Category classification (preview)
The category classification service reads text in any of seven languages and applies a prebuilt model to classify the customer feedback into predefined categories. The current categories are Issues, Compliment, Customer Service, Documentation, Price & Billing, and Staff.
Entity extraction
Entity extraction can use a prebuilt or custom model to extract entities from free text in any of seven languages. There are 25 supported entity types in the prebuilt model.
ID reader
The identity document reader prebuilt model extracts information from passports, US driver's licenses, US social security cards, and US green cards.
Invoice processing
Processing invoices requires handling tables of line items as well as global values.
Key phrase extraction
Key phrase extraction is a way to extract the main talking points from a free text document. Unlike an entity extraction model, key phrase extraction identifies whatever’s in the text rather than looking for specific words and phrases.
Language detection
Language detection is often the first stage of a text processing flow. Once you know the language of a document, you can go on to analyze its sentiment, extract key phrases, and translate it to another language.
Receipt processing
Like invoice processing, receipt processing has to handle lists of items as well as global values. Dealing with crumpled invoices is a common use case.
Sentiment analysis
Identifying the sentiment of text can be a useful way to control how the message should be processed further. Positive sentiment might flow into a queue of endorsements for use by marketing, while negative sentiment might trigger a response from customer service.
Text recognition
Text recognition is a generalized OCR process that tries to extract all the text from an image.
Text translation
The text translation model includes source language identification, so you don’t have to invoke that separately, although if you know the source language you can specify it to skip the detection step. This text translation is rated as “real-time” and is limited to 10,000 characters at a time.

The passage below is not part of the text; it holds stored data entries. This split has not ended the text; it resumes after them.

Lemma has_deriv_on_minus (f g : R -> R) (t lf lg : R) :
  has_deriv_on a b f t lf -> has_deriv_on a b g t lg ->
  has_deriv_on a b (fun s => f s - g s) t (lf - lg).
Proof.
  rewrite !has_deriv_onE. intros Hf Hg.
  replace (lf - lg) with (lf + -1 * lg) by ring.
  generalize (filterlim_Rplus _ _ _ _ Hf (filterlim_Rmult _ _ _ _ (filterlim_const (-1)) Hg)).
  apply filterlim_near_in_ext. intros s _ Hne. unfold diff_quot. field. lra.
Qed.

Lemma has_deriv_on_inv (f : R -> R) (t l : R) :
  a <= t <= b -> (forall s, a <= s <= b -> f s <> 0) ->
  has_deriv_on a b f t l -> has_deriv_on a b (fun s => / f s) t (- l / f t ^ 2).
Proof.
  intros Ht Hf0 Hf. pose proof (has_deriv_on_continuous _ _ _ Hf) as Cf.
  rewrite has_deriv_onE in *.
  assert (Cinv : filterlim (fun s => / f s) (near_in t) (locally (/ f t))).
  { eapply filterlim_comp; [exact Cf | exact (continuous_Rinv _ (Hf0 t Ht))]. }
  replace (- l / f t ^ 2) with (-1 * l * / f t * / f t) by (field; auto).
  generalize (filterlim_Rmult _ _ _ _
    (filterlim_Rmult _ _ _ _ (filterlim_Rmult _ _ _ _ (filterlim_const (-1)) Hf) Cinv)
    (filterlim_const (/ f t))).
  apply filterlim_near_in_ext. intros s Hs Hne.
  pose proof (Hf0 s Hs). pose proof (Hf0 t Ht). unfold diff_quot. field. lra.
Qed.

Lemma has_deriv_on_sqrt (f : R -> R) (t l : R) :
  a <= t <= b -> (forall s, a <= s <= b -> 0 < f s) ->
  has_deriv_on a b f t l -> has_deriv_on a b (fun s => sqrt (f s)) t (l / (2 * sqrt (f t))).
Proof.
  intros Ht Hf0 Hf. pose proof (has_deriv_on_continuous _ _ _ Hf) as Cf.
  rewrite has_deriv_onE in *.
  assert (Hsq : forall s, a <= s <= b -> 0 < sqrt (f s) /\ sqrt (f s) * sqrt (f s) = f s).
  { intros s Hs. pose proof (Hf0 s Hs).
    split; [apply sqrt_lt_R0 | apply sqrt_sqrt]; lra. }
  destruct (Hsq t Ht) as [Ht0 Htt].
  assert (Csqrt : filterlim (fun s => sqrt (f s)) (near_in t) (locally (sqrt (f t)))).
  { eapply filterlim_comp; [exact Cf | apply continuous_sqrt]. }
  assert (Cden : filterlim (fun s => / (sqrt (f s) + sqrt (f t))) (near_in t)
                   (locally (/ (sqrt (f t) + sqrt (f t))))).
  { eapply filterlim_comp; [exact (filterlim_Rplus _ _ _ _ Csqrt (filterlim_const _)) |].
    apply continuous_Rinv. lra. }
  replace (l / (2 * sqrt (f t))) with (l * / (sqrt (f t) + sqrt (f t))) by (field; lra).
  generalize (filterlim_Rmult _ _ _ _ Hf Cden).
  apply filterlim_near_in_ext. intros s Hs Hne. destruct (Hsq s Hs) as [Hs0 Hss].
  unfold diff_quot. rewrite <- Hss, <- Htt at 1. field. lra.
Qed.

Lemma has_deriv_on_norm2 (f g : R -> R) (t lf lg : R) :
  a <= t <= b -> (forall s, a <= s <= b -> (f s, g s) <> (0, 0)) ->
  has_deriv_on a b f t lf -> has_deriv_on a b g t lg ->
  has_deriv_on a b (fun s => norm2 (f s) (g s)) t
    ((f t * lf + g t * lg) / norm2 (f t) (g t)).
Proof.
  intros Ht Hfg0 Hf Hg.
  assert (Hpos : forall s, a <= s <= b -> 0 < f s * f s + g s * g s).
  { intros s Hs. exact (sum_sq_pos _ _ (Hfg0 s Hs)). }
  pose proof (has_deriv_on_sqrt _ _ _ Ht Hpos
    (has_deriv_on_plus _ _ _ _ _ (has_deriv_on_mult _ _ _ _ _ Hf Hf)
                                 (has_deriv_on_mult _ _ _ _ _ Hg Hg))) as H.
  revert H. apply has_deriv_on_eq; auto.
  - intros s _. unfold norm2. f_equal. ring.
  - pose proof (sqrt_lt_R0 _ (Hpos t Ht)). unfold norm2.
    replace (f t ^ 2 + g t ^ 2) with (f t * f t + g t * g t) by ring. field. lra.
Qed.

Lemma has_deriv_on_det2 (f1 f2 g1 g2 : R -> R) (t l1 l2 m1 m2 : R) :
  has_deriv_on a b f1 t l1 -> has_deriv_on a b f2 t l2 ->
  has_deriv_on a b g1 t m1 -> has_deriv_on a b g2 t m2 ->
  has_deriv_on a b (fun s => det2 (f1 s) (f2 s) (g1 s) (g2 s)) t
    (det2 l1 l2 (g1 t) (g2 t) + det2 (f1 t) (f2 t) m1 m2).
Proof.
  intros H1 H2 H3 H4.
  pose proof (has_deriv_on_minus _ _ _ _ _ (has_deriv_on_mult _ _ _ _ _ H1 H4)
                (has_deriv_on_mult _ _ _ _ _ H2 H3)) as H.
  unfold det2. replace (l1 * g2 t - l2 * g1 t + (f1 t * m2 - f2 t * m1))
    with (f1 t * m2 + g2 t * l1 - (f2 t * m1 + g1 t * l2)) by ring.
  exact H.
Qed.

Lemma has_deriv_on_interior (f : R -> R) (t l : R) :
  a < t < b -> has_deriv_on a b f t l -> derivable_pt_lim f t l.
Proof.
  intros Ht H eps Heps. destruct (H eps Heps) as [d [Hd Hs]].
  assert (Hm : 0 < Rmin d (Rmin (t - a) (b - t))) by (repeat apply Rmin_pos; lra).
  exists (mkposreal _ Hm). intros h Hh Hlt. simpl in Hlt.
  pose proof (Rmin_l d (Rmin (t - a) (b - t))). pose proof (Rmin_r d (Rmin (t - a) (b - t))).
  pose proof (Rmin_l (t - a) (b - t)). pose proof (Rmin_r (t - a) (b - t)).
  pose proof (Rabs_def2 h _ Hlt).
  specialize (Hs (t + h)). replace (t + h - t) with h in Hs by ring.
  apply Hs; lra.
Qed.

Lemma has_deriv_on_closed_limit (f : R -> R) (P : R -> Prop) (p l d : R) :
  a < b -> a <= p <= b -> 0 < d -> has_deriv_on a b f p l -> closed P ->
  (forall s, a <= s <= b -> s <> p -> Rabs (s - p) < d -> P (f s)) -> P (f p).
Proof.
  intros Hab Hp Hd Hf HP Hnear.
  apply (@closed_filterlim_loc _ _ _ (near_in_proper p Hab Hp) f P (f p)); auto.
  - exact (has_deriv_on_continuous _ _ _ Hf).
  - exists (mkposreal d Hd). intros s Hs [Hsab Hne]. exact (Hnear s Hsab Hne Hs).
Qed.

Lemma has_deriv_on_nonpos_le_end (f f' : R -> R) :
  a < b -> (forall s, a <= s <= b -> has_deriv_on a b f s (f' s) /\ f' s <= 0) ->
  forall t, a <= t <= b -> f b <= f t.
Proof.
  intros Hab Hf.
  assert (Hinner : forall s1 s2, a < s1 < s2 -> s2 < b -> f s2 <= f s1).
  { intros s1 s2 Hs1 Hs2.
    destruct (MVT_cor2 f f' s1 s2 ltac:(lra)) as [c [Hc Hcin]].
    { intros c Hc. apply has_deriv_on_interior; [lra | apply Hf; lra]. }
    assert (f' c <= 0) by (apply Hf; lra).
    assert (f' c * (s2 - s1) <= 0) by (apply Rmult_le_0_r; lra). lra. }
  assert (Hopen : forall t, a < t <= b -> f b <= f t).
  { intros t Ht. destruct (Req_dec t b) as [-> | Htb]; [lra |].
    apply (has_deriv_on_closed_limit f (fun z => z <= f t) b (f' b) (b - t));
      [lra | lra | lra | apply Hf; lra | apply closed_le |].
    intros s Hs Hsb Hst. pose proof (Rabs_def2 _ _ Hst). apply Hinner; lra. }
  intros t Ht. destruct (Req_dec t a) as [-> | Hta]; [| apply Hopen; lra].
  apply (has_deriv_on_closed_limit f (fun z => f b <= z) a (f' a) 1);
    [lra | lra | lra | apply Hf; lra | apply closed_ge |].
  intros s Hs Hsa _. apply Hopen. lra.
Qed.

End IntervalDerivative.

Section DampedKepler.

Variables (D : R -> R -> R) (a b : R) (x1 x2 y1 y2 : R -> R).

Hypothesis ab : a < b.
Hypothesis D_nonneg : forall p q, (p, q) <> (0, 0) -> 0 <= D p q.
Hypothesis x_nonzero : forall t, a <= t <= b -> (x1 t, x2 t) <> (0, 0).
Hypothesis x_solves : forall t, a <= t <= b ->
  has_deriv_on a b x1 t (y1 t) /\ has_deriv_on a b x2 t (y2 t) /\
  has_deriv_on a b y1 t (- D (x1 t) (x2 t) * y1 t - x1 t / norm2 (x1 t) (x2 t) ^ 3) /\
  has_deriv_on a b y2 t (- D (x1 t) (x2 t) * y2 t - x2 t / norm2 (x1 t) (x2 t) ^ 3).

Definition radius (t : R) : R := norm2 (x1 t) (x2 t).
Definition ang_mom (t : R) : R := det2 (x1 t) (x2 t) (y1 t) (y2 t).
Definition radial_speed (t : R) : R := (x1 t * y1 t + x2 t * y2 t) / radius t.
Definition energy (t : R) : R := - / radius t + ang_mom t ^ 2 / (2 * radius t ^ 2).
Definition scaled_energy (t : R) : R := ang_mom t * ang_mom t - 2 * radius t.

Hypothesis radius_nondecreasing :
  forall t l, a <= t <= b -> has_deriv_on a b radius t l -> 0 <= l.
Hypothesis energy_b_nonneg : 0 <= energy b.

Lemma radius_pos (t : R) : a <= t <= b -> 0 < radius t.
Proof. intros Ht. exact (norm2_pos _ _ (x_nonzero t Ht)). Qed.

Lemma radius_deriv (t : R) : a <= t <= b -> has_deriv_on a b radius t (radial_speed t).
Proof.
  intros Ht. destruct (x_solves t Ht) as (Hx1 & Hx2 & _).
  exact (has_deriv_on_norm2 a b x1 x2 t _ _ Ht x_nonzero Hx1 Hx2).
Qed.

Lemma radial_speed_nonneg (t : R) : a <= t <= b -> 0 <= radial_speed t.
Proof. intros Ht. exact (radius_nondecreasing t _ Ht (radius_deriv t Ht)). Qed.

Lemma ang_mom_deriv (t : R) : a <= t <= b ->
  has_deriv_on a b ang_mom t (- D (x1 t) (x2 t) * ang_mom t).
Proof.
  intros Ht. destruct (x_solves t Ht) as (Hx1 & Hx2 & Hy1 & Hy2).
  generalize (has_deriv_on_det2 a b x1 x2 y1 y2 t _ _ _ _ Hx1 Hx2 Hy1 Hy2).
  apply has_deriv_on_eq; auto. unfold ang_mom, det2. field.
  apply Rgt_not_eq, radius_pos, Ht.
Qed.

Lemma scaled_energy_deriv (t : R) : a <= t <= b ->
  has_deriv_on a b scaled_energy t
    (- 2 * (D (x1 t) (x2 t) * ang_mom t ^ 2 + radial_speed t)).
Proof.
  intros Ht.
  generalize (has_deriv_on_minus a b _ _ t _ _
    (has_deriv_on_mult a b _ _ t _ _ (ang_mom_deriv t Ht) (ang_mom_deriv t Ht))
    (has_deriv_on_scal a b 2 _ t _ (radius_deriv t Ht))).
  apply has_deriv_on_eq; auto. ring.
Qed.

Lemma scaled_energy_nonneg (t : R) : a <= t <= b -> 0 <= scaled_energy t.
Proof.
  intros Ht.
  assert (Hb : 0 <= scaled_energy b).
  { pose proof (radius_pos b ltac:(lra)).
    replace (scaled_energy b) with (2 * radius b ^ 2 * energy b)
      by (unfold scaled_energy, energy; field; lra).
    apply Rmult_le_pos; [nra | exact energy_b_nonneg]. }
  enough (scaled_energy b <= scaled_energy t) by lra.
  apply (has_deriv_on_nonpos_le_end a b scaled_energy
    (fun s => - 2 * (D (x1 s) (x2 s) * ang_mom s ^ 2 + radial_speed s)) ab); auto.
  intros s Hs. split; [exact (scaled_energy_deriv s Hs) |].
  pose proof (D_nonneg _ _ (x_nonzero s Hs)). pose proof (radial_speed_nonneg s Hs).
  pose proof (pow2_ge_0 (ang_mom s)).
  assert (0 <= D (x1 s) (x2 s) * ang_mom s ^ 2) by (apply Rmult_le_pos; auto). lra.
Qed.

Lemma energy_deriv_nonpos (t : R) : a <= t <= b ->
  exists l, has_deriv_on a b energy t l /\ l <= 0.
Proof.
  intros Ht.
  pose (inv_r2 := fun s => / (2 * (radius s * radius s))).
  assert (Hinv : has_deriv_on a b inv_r2 t
    (- (2 * (radius t * radial_speed t + radius t * radial_speed t))
       / (2 * (radius t * radius t)) ^ 2)).
  { apply (has_deriv_on_inv a b (fun s => 2 * (radius s * radius s))); auto.
    - intros s Hs. pose proof (radius_pos s Hs). nra.
    - apply has_deriv_on_scal, has_deriv_on_mult; apply radius_deriv, Ht. }
  eexists. split.
  - generalize (has_deriv_on_mult a b _ _ t _ _ (scaled_energy_deriv t Ht) Hinv).
    apply has_deriv_on_eq; auto.
    intros s Hs. pose proof (radius_pos s Hs).
    unfold inv_r2, scaled_energy, energy. field. lra.
  - pose proof (radius_pos t Ht). pose proof (radial_speed_nonneg t Ht).
    pose proof (scaled_energy_nonneg t Ht).
    pose proof (D_nonneg _ _ (x_nonzero t Ht)). pose proof (pow2_ge_0 (ang_mom t)).
    assert (0 <= D (x1 t) (x2 t) * ang_mom t ^ 2) by (apply Rmult_le_pos; auto).
    assert (0 < inv_r2 t) by (apply Rinv_0_lt_compat; nra).
    assert (0 < (2 * (radius t * radius t)) ^ 2) by (apply pow_lt; nra).
    assert (0 <= (2 * (radius t * radial_speed t + radius t * radial_speed t))
                   / (2 * (radius t * radius t)) ^ 2)
      by (apply Rdiv_le_0_compat; nra).
    unfold Rdiv in *. nra.
Qed.

End DampedKepler.

Theorem lemma7p3 (D : R -> R -> R) (a b : R) (x1 x2 y1 y2 : R -> R) :
  a < b ->
  (* D nonnegative, bounded, C^1 on R^2 \ {0} *)
  (forall p q, (p, q) <> (0, 0) -> 0 <= D p q) ->
  (exists M, forall p q, (p, q) <> (0, 0) -> D p q <= M) ->
  C1_punctured D ->
  (* x takes values in R^2 \ {0} on [a,b] *)
  (forall t, a <= t <= b -> (x1 t, x2 t) <> (0, 0)) ->
  (* x solves xddot + D(x) xdot = - x / |x|^3 on [a,b] *)
  (forall t, a <= t <= b ->
     has_deriv_on a b x1 t (y1 t) /\ has_deriv_on a b x2 t (y2 t) /\
     has_deriv_on a b y1 t
       (- D (x1 t) (x2 t) * y1 t - x1 t / norm2 (x1 t) (x2 t) ^ 3) /\
     has_deriv_on a b y2 t
       (- D (x1 t) (x2 t) * y2 t - x2 t / norm2 (x1 t) (x2 t) ^ 3)) ->
  (* nonrectilinear: det(x, xdot) not identically zero *)
  (exists t, a <= t <= b /\ det2 (x1 t) (x2 t) (y1 t) (y2 t) <> 0) ->
  let r := fun t => norm2 (x1 t) (x2 t) in
  let c := fun t => det2 (x1 t) (x2 t) (y1 t) (y2 t) in
  let v := fun t => - / r t + c t ^ 2 / (2 * r t ^ 2) in
  (* rdot >= 0 on [a,b] *)
  (forall t l, a <= t <= b -> has_deriv_on a b r t l -> 0 <= l) ->
  0 <= v b ->
  forall t, a <= t <= b ->
    (exists l, has_deriv_on a b v t l) /\
    (forall l, has_deriv_on a b v t l -> l <= 0).
Proof.
  intros Hab HD0 _ _ Hnz Hsol _ r c v Hr Hvb t Ht.
  destruct (energy_deriv_nonpos D a b x1 x2 y1 y2 Hab HD0 Hnz Hsol Hr Hvb t Ht)
    as [L [HL HL0]].
  split.
  - exists L. exact HL.
  - intros l Hl. rewrite (has_deriv_on_unique a b v t l L Hab Ht Hl HL). exact HL0.
Qed.
(* The midpoint rule underestimates the integral of the convex function (p+1) x^p. *)
Lemma midpoint_exprB h y p : 0 <= h <= y ->
  2 * h * p.+1%:R * y ^+ p <= (y + h) ^+ p.+1 - (y - h) ^+ p.+1.
Proof.
move=> hy; have /andP[h_ge0 le_hy] := hy; have y_ge0 : 0 <= y by lra.
elim: p => [|p IHp]; first by rewrite !expr1 expr0; lra.
have -> : (y + h) ^+ p.+2 - (y - h) ^+ p.+2 =
    y * ((y + h) ^+ p.+1 - (y - h) ^+ p.+1) + h * ((y + h) ^+ p.+1 + (y - h) ^+ p.+1).
  by rewrite !(exprS _ p.+1); ring.
have := ler_wpM2l y_ge0 IHp.
have := ler_wpM2l h_ge0 (midpoint_exprD p.+1 hy).
rewrite [y ^+ p.+1]exprS -[p.+2%:R]natr1; lra.
Qed.

Lemma sum_expr_le p n :
  \sum_(i < n.+1) (i%:R : R) ^+ p.+1 <= (n%:R + 2^-1) ^+ p.+2 / p.+2%:R.
Proof.
elim: n => [|n IHn].
  by rewrite big_ord1 expr0n divr_ge0 ?exprn_ge0 ?ler0n //; lra.
rewrite big_ord_recr /=.
have step : (n.+1%:R : R) ^+ p.+1 <=
    ((n.+1%:R + 2^-1) ^+ p.+2 - (n%:R + 2^-1) ^+ p.+2) / p.+2%:R.
  rewrite ler_pdivlMr ?ltr0n // mulrC.
  have := @midpoint_exprB 2^-1 n.+1%:R p.+1.
  rewrite -[n.+1%:R]natr1 (_ : n%:R + 1 - 2^-1 = n%:R + 2^-1 :> R); last by lra.
  by rewrite mulfV ?mul1r //; apply; have := ler0n R n; lra.
by apply: le_trans (lerD IHn step) _; rewrite -mulrDl subrKC.
Qed.

Lemma sum_weighted_expr_le p n :
  \sum_(i < n.+1) (n - i)%:R * (i%:R : R) ^+ p.+1 <=
    n%:R ^+ p.+3 / (p.+2%:R * p.+3%:R).
Proof.
have D_gt0 : 0 < p.+2%:R * p.+3%:R :> R by rewrite mulr_gt0 ?ltr0n.
elim: n => [|n IHn].
  by rewrite big_ord1 /= expr0n mulr0 expr0n mul0r.
rewrite big_ord_recr /= subnn mul0r addr0.
have -> : \sum_(i < n.+1) (n.+1 - i)%:R * (i%:R : R) ^+ p.+1 =
    \sum_(i < n.+1) (n - i)%:R * (i%:R : R) ^+ p.+1 + \sum_(i < n.+1) (i%:R : R) ^+ p.+1.
  rewrite -big_split; apply: eq_bigr => i _ /=.
  by rewrite subSn -1?ltnS // -natr1 mulrDl mul1r.
have step : (n%:R + 2^-1 : R) ^+ p.+2 / p.+2%:R <=
    (n.+1%:R ^+ p.+3 - n%:R ^+ p.+3) / (p.+2%:R * p.+3%:R).
  have mid : p.+3%:R * (n%:R + 2^-1) ^+ p.+2 <= n.+1%:R ^+ p.+3 - n%:R ^+ p.+3 :> R.
    have := @midpoint_exprB 2^-1 (n%:R + 2^-1) p.+2.
    rewrite -[n.+1%:R]natr1 (_ : n%:R + 2^-1 + 2^-1 = n%:R + 1 :> R); last by lra.
    rewrite (_ : n%:R + 2^-1 - 2^-1 = n%:R :> R); last by lra.
    by rewrite mulfV ?mul1r //; apply; have := ler0n R n; lra.
  rewrite [X in X <= _](_ : _ = p.+3%:R * (n%:R + 2^-1) ^+ p.+2 / (p.+2%:R * p.+3%:R)).
    by rewrite ler_wpM2r // invr_ge0 ltW.
  by field; rewrite -!natrD !pnatr_eq0.
apply: le_trans (lerD IHn (le_trans (sum_expr_le p n) step)) _.
by rewrite -mulrDl subrKC.
Qed.

Lemma convolution_expr_le q p n :
  \sum_(i < n.+1) (i%:R : R) ^+ q.+1 * (n - i)%:R ^+ p.+1 <=
    n%:R ^+ (q + p.+3) / (p.+2%:R * p.+3%:R).
Proof.
apply: le_trans (_ : _ <= n%:R ^+ q * \sum_(i < n.+1) (n - i)%:R * (i%:R : R) ^+ p.+1) _.
  rewrite mulr_sumr (reindex_inj rev_ord_inj) /=; apply: ler_sum => i _.
  rewrite subSS subKn -1?ltnS // exprSr -mulrA.
  rewrite ler_wpM2r ?mulr_ge0 ?exprn_ge0 ?ler0n //.
  by rewrite lerXn2r ?nnegrE ?ler0n // ler_nat leq_subr.
by rewrite exprD -mulrA ler_wpM2l ?exprn_ge0 ?ler0n // sum_weighted_expr_le.
Qed.

End PowerSums.

Lemma fps_mul1l : left_id fps_one fps_mul.
Proof.
move=> f; apply: funext => n; rewrite /fps_mul big_ord_recl /= subn0 mul1r.
by rewrite big1 ?addr0 // => i _; rewrite mul0r.
Qed.

Lemma fps_mul1r : right_id fps_one fps_mul.
Proof.
move=> f; apply: funext => n; rewrite /fps_mul big_ord_recr /= subnn mulr1.
by rewrite big1 ?add0r // => i _; rewrite /fps_one subn_eq0 leqNgt ltn_ord mulr0.
Qed.

Lemma fps_mulA : associative fps_mul.
Proof.
move=> f g h; apply: funext => n; rewrite /fps_mul.
have shift i : (i <= n)%N -> \sum_(j < (n - i).+1) g j * h (n - i - j)%N =
    \sum_(i <= l < n.+1) g (l - i)%N * h (n - l)%N.
  move=> le_in; rewrite (big_addn 0) -subSn // big_mkord.
  by apply: eq_bigr => j _; rewrite addnK addnC subnDA.
transitivity (\sum_(0 <= i < n.+1) \sum_(0 <= l < n.+1 | (i <= l)%N)
                f i * (g (l - i)%N * h (n - l)%N)).
  rewrite big_mkord; apply: eq_bigr => i _.
  by rewrite shift -1?ltnS // (big_nat_widenl _ 0) // mulr_sumr.
rewrite (exchange_big_dep xpredT) //= big_mkord; apply: eq_bigr => l _.
rewrite (big_ord_widen n.+1 (fun i => f i * g (l - i)%N) (ltn_ord l)).
rewrite mulr_suml [LHS]big_mkord.
by apply: eq_bigr => i _; rewrite mulrA.
Qed.

Lemma fps_mul_split f g n :
  fps_mul f g n.+1 =
    f 0%N * g n.+1 + \sum_(1 <= i < n.+1) f i * g (n.+1 - i)%N + f n.+1 * g 0%N.
Proof.
rewrite /fps_mul -(big_mkord xpredT (fun i => f i * g (n.+1 - i)%N)).
by rewrite big_nat_recl // big_nat_recr //= subn0 subnn big_add1 addrA.
Qed.

Section Estimates.
Variable R : realType.

Definition Ln (m : nat) : R := 1 + ln m%:R.

Lemma Ln_ge1 m : (0 < m)%N -> 1 <= Ln m.
Proof. by move=> m_gt0; rewrite lerDl ln_ge0 // ler1n. Qed.

Lemma Ln_le m n : (0 < m)%N -> (m <= n)%N -> Ln m <= Ln n.
Proof.
move=> m_gt0 le_mn; rewrite lerD2l ler_ln ?posrE ?ltr0n ?ler_nat //.
exact: leq_trans le_mn.
Qed.

Lemma harmonic_le_Ln m : \sum_(1 <= d < m.+1) (d%:R : R)^-1 <= Ln m.
Proof.
rewrite /Ln; elim: m => [|m IHm]; first by rewrite big_geq // ln0 //; lra.
rewrite big_nat_recr //=; have [->|m_gt0] := posnP m.
  by rewrite big_geq // ln1 invr1; lra.
have lnS : (m.+1%:R : R)^-1 <= ln m.+1%:R - ln m%:R.
  have : ln (1 - (m.+1%:R)^-1) <= - (m.+1%:R : R)^-1.
    by rewrite le_ln1Dx // ltrN2 invf_lt1 // ltr1n.
  rewrite (_ : 1 - _ = m%:R / m.+1%:R); last first.
    by rewrite -natr1; field; rewrite natr1 pnatr_eq0.
  by rewrite lnM ?posrE ?invr_gt0 ?ltr0n // lnV ?posrE // lerNr opprB.
by apply: le_trans (lerD IHm lnS) _; lra.
Qed.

AI Builder in SharePoint and Teams
The Microsoft Syntex service allows you to create AI Builder models in SharePoint. Syntex is a Microsoft 365 service that has even more text processing models than Power Apps.
To use AI Builder in Teams, install the Power Automate app in Teams. Then you can create flows to use from the AI Builder templates.
Conclusion
Microsoft now has an extensive set of low-code AI and ML capabilities built into the AI Builder section of Power Apps and Power Automate, currently on a preview basis. Microsoft’s competitors in this space aren’t sitting back and ignoring AI, however, and this snapshot won’t be the final word in the field.
Overall, Power Apps is shaping up to be a rather nice low-code development environment with the addition of the new AI and ML capabilities, although it’s certainly not there yet. While the combination of Power Automate flows, AI, and Power Apps seems a bit random at first glance, it could turn out to be a powerful combination.